• Material provided

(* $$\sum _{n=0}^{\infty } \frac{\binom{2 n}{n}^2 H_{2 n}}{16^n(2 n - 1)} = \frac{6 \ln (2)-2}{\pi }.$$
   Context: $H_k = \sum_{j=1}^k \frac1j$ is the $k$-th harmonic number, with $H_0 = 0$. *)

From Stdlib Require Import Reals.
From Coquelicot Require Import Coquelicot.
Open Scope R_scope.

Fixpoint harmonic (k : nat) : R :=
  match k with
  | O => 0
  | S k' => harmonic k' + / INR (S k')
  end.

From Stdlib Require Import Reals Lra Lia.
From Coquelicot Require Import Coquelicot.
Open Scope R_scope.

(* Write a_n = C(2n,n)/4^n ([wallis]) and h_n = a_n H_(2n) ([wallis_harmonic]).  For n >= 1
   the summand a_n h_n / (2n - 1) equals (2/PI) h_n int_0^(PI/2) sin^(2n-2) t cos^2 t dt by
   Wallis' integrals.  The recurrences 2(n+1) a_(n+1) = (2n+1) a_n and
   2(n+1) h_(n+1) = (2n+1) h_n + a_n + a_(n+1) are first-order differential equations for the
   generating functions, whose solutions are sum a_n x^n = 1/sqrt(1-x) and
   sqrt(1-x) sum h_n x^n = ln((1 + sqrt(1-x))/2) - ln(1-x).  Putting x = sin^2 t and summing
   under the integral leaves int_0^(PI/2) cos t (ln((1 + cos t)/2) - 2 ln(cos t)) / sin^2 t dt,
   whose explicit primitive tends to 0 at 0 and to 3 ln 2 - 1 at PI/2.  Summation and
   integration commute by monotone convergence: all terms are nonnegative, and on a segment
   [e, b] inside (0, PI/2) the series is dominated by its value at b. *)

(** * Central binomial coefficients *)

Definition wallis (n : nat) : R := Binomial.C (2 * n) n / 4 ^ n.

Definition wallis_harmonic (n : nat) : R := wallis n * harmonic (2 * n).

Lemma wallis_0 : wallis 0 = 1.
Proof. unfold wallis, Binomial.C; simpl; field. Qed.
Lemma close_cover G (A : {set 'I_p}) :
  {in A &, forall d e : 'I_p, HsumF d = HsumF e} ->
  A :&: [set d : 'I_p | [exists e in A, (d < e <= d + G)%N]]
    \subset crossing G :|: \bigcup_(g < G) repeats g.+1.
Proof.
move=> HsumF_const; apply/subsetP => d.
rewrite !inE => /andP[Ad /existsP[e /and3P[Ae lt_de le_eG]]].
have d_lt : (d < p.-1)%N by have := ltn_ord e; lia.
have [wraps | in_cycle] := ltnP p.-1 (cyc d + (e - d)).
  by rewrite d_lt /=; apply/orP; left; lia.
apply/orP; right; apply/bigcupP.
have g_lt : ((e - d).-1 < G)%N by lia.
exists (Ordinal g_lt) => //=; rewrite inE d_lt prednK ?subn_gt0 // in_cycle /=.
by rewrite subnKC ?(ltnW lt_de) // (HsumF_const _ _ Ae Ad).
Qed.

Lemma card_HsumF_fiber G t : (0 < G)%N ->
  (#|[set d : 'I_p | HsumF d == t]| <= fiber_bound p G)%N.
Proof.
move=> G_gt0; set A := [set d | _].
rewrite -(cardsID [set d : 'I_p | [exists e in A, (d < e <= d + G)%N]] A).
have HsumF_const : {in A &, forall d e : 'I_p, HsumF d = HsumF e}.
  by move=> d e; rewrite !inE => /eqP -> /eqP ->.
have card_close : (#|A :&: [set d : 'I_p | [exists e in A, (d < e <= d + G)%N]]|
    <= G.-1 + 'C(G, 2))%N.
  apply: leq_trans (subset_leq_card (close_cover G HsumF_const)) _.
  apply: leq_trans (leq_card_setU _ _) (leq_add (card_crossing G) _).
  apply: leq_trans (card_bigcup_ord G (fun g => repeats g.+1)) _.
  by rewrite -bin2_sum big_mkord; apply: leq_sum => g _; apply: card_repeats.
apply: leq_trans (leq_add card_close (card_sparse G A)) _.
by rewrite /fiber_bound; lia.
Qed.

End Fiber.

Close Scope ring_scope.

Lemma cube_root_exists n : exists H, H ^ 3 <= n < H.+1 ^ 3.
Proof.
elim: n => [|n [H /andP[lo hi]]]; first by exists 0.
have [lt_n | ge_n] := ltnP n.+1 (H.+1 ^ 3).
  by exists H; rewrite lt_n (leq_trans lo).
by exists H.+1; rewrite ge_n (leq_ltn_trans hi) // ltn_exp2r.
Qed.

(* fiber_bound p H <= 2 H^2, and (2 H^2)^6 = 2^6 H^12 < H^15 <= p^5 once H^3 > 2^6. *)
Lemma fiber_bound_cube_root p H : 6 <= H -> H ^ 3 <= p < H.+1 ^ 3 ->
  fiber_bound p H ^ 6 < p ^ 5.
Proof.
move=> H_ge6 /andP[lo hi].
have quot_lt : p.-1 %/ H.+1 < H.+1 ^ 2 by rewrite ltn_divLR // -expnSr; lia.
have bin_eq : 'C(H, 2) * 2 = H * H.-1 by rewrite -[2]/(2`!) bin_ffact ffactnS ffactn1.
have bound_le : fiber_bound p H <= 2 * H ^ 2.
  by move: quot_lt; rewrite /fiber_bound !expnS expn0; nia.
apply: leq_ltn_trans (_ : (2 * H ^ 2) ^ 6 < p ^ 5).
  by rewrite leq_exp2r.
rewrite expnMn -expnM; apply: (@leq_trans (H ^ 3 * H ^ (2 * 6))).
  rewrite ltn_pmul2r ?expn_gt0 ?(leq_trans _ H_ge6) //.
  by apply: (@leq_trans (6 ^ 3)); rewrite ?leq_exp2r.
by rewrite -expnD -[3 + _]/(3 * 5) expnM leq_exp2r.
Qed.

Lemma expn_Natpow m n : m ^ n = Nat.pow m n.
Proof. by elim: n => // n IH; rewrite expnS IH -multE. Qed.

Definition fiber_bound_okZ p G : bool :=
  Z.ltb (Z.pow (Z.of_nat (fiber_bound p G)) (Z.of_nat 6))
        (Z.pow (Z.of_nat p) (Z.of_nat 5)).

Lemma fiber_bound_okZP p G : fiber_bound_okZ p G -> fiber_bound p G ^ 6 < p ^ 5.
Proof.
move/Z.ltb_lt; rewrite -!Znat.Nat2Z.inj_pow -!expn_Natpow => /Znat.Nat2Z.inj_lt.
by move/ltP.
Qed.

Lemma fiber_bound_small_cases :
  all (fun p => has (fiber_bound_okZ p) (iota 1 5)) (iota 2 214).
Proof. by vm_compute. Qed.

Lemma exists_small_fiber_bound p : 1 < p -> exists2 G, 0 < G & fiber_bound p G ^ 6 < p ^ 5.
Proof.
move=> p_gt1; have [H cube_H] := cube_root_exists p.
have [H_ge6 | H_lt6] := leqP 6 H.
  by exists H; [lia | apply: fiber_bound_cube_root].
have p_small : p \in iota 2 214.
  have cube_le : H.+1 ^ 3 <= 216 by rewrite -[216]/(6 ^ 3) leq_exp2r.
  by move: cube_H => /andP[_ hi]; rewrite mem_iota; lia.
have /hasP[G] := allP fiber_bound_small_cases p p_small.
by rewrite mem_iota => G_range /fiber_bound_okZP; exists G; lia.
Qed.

• What the task asks
Take from the material every line that holds "move".

• Response
move=> HsumF_const; apply/subsetP => d.
move=> G_gt0; set A := [set d | _].
  by move=> d e; rewrite !inE => /eqP -> /eqP ->.
move=> H_ge6 /andP[lo hi].
  by move: quot_lt; rewrite /fiber_bound !expnS expn0; nia.
move/Z.ltb_lt; rewrite -!Znat.Nat2Z.inj_pow -!expn_Natpow => /Znat.Nat2Z.inj_lt.
by move/ltP.
move=> p_gt1; have [H cube_H] := cube_root_exists p.
  by move: cube_H => /andP[_ hi]; rewrite mem_iota; lia.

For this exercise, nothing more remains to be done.